> _Exercise requirements_
Line by line, restate the material exactly.

───── Dataset extract

Lemma Hmat_trace_le_eigen_sum Al p (lam : 'I_d -> R) :
  0 <= al < 1 -> (forall j, 0 <= poff j) -> is_distr Al p -> Mmix p \in unitmx ->
  char_poly (Vmat A poff) = \prod_k ('X - (lam k)%:P) ->
  (1 - al) * \tr (H p *m Vmat A p) <= \sum_k (1 + al / (1 - al) * (lam k / Lmax A))^-1.
Proof.
move=> al01 poff0 p_distr Mu Vchar; have /andP [al0 al1] := al01.
have lam0 := psd_eigen_ge0 (fun x => quad_Vmat_ge0 A x poff0) Vchar.
have [L0|L_neq0] := eqVneq (Lmax A) 0.
  have act0 j : act A j = 0.
    by apply/eqP; rewrite -inner_eq0 eq_le inner_ge0 -L0 inner_act_le_Lmax.
  rewrite mxtrace_mul_Vmat big1 ?mulr0 => [|j _]; last by rewrite act0 /quad mulmx0 mxE mulr0.
  have r0 : 0 <= al / (1 - al) by rewrite divr_ge0 // subr_ge0 ltW.
  by apply: sumr_ge0 => k _; apply: eigen_sum_term_ge0 r0 (lam0 k) (Lmax_ge0 A).
have L_gt0 : 0 < Lmax A by rewrite lt_def L_neq0 Lmax_ge0.
pose l := (1 - al) * Lmax A.
have l_gt0 : 0 < l by rewrite mulr_gt0 // subr_gt0.
have shift_nz k : l + al * lam k != 0.
  by rewrite gt_eqF // (lt_le_trans l_gt0) // lerDl mulr_ge0.
have [M'u trH'] := tr_invmx_shift (Vmat_sym A poff) Vchar shift_nz.
have := mxtrace_invmx_comb (N := 1%:M) (K := Vmat A poff) (a := l) (b := al).
rewrite scalemx1 mulmx1 => /(_ M'u) trH'_split.
have trH'_le : \tr (invmx (l%:M + al *: Vmat A poff) *m Vmat A poff)
               <= \tr (H p *m Vmat A poff).
  rewrite !mxtrace_mul_Vmat; apply: ler_sum => j _; apply: ler_wpM2l => //.
  exact: quad_invmx_shift_le_Hmat al01 poff0 p_distr Mu M'u.
have -> : \sum_k (1 + al / (1 - al) * (lam k / Lmax A))^-1 =
          l * \tr (invmx (l%:M + al *: Vmat A poff)).
  rewrite trH' mulr_sumr; apply: eq_bigr => k _; rewrite /l.
  by field; rewrite shift_nz subr_eq0 (gt_eqF al1) (gt_eqF L_gt0).
have := ler_wpM2l al0 trH'_le; have := Hmat_trace_split Mu; lra.
Qed.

──────────

> _Your solution_
Lemma Hmat_trace_le_eigen_sum Al p (lam : 'I_d -> R) :
  0 <= al < 1 -> (forall j, 0 <= poff j) -> is_distr Al p -> Mmix p \in unitmx ->
  char_poly (Vmat A poff) = \prod_k ('X - (lam k)%:P) ->
  (1 - al) * \tr (H p *m Vmat A p) <= \sum_k (1 + al / (1 - al) * (lam k / Lmax A))^-1.
Proof.
move=> al01 poff0 p_distr Mu Vchar; have /andP [al0 al1] := al01.
have lam0 := psd_eigen_ge0 (fun x => quad_Vmat_ge0 A x poff0) Vchar.
have [L0|L_neq0] := eqVneq (Lmax A) 0.
  have act0 j : act A j = 0.
    by apply/eqP; rewrite -inner_eq0 eq_le inner_ge0 -L0 inner_act_le_Lmax.
  rewrite mxtrace_mul_Vmat big1 ?mulr0 => [|j _]; last by rewrite act0 /quad mulmx0 mxE mulr0.
  have r0 : 0 <= al / (1 - al) by rewrite divr_ge0 // subr_ge0 ltW.
  by apply: sumr_ge0 => k _; apply: eigen_sum_term_ge0 r0 (lam0 k) (Lmax_ge0 A).
have L_gt0 : 0 < Lmax A by rewrite lt_def L_neq0 Lmax_ge0.
pose l := (1 - al) * Lmax A.
have l_gt0 : 0 < l by rewrite mulr_gt0 // subr_gt0.
have shift_nz k : l + al * lam k != 0.
  by rewrite gt_eqF // (lt_le_trans l_gt0) // lerDl mulr_ge0.
have [M'u trH'] := tr_invmx_shift (Vmat_sym A poff) Vchar shift_nz.
have := mxtrace_invmx_comb (N := 1%:M) (K := Vmat A poff) (a := l) (b := al).
rewrite scalemx1 mulmx1 => /(_ M'u) trH'_split.
have trH'_le : \tr (invmx (l%:M + al *: Vmat A poff) *m Vmat A poff)
               <= \tr (H p *m Vmat A poff).
  rewrite !mxtrace_mul_Vmat; apply: ler_sum => j _; apply: ler_wpM2l => //.
  exact: quad_invmx_shift_le_Hmat al01 poff0 p_distr Mu M'u.
have -> : \sum_k (1 + al / (1 - al) * (lam k / Lmax A))^-1 =
          l * \tr (invmx (l%:M + al *: Vmat A poff)).
  rewrite trH' mulr_sumr; apply: eq_bigr => k _; rewrite /l.
  by field; rewrite shift_nz subr_eq0 (gt_eqF al1) (gt_eqF L_gt0).
have := ler_wpM2l al0 trH'_le; have := Hmat_trace_split Mu; lra.
Qed.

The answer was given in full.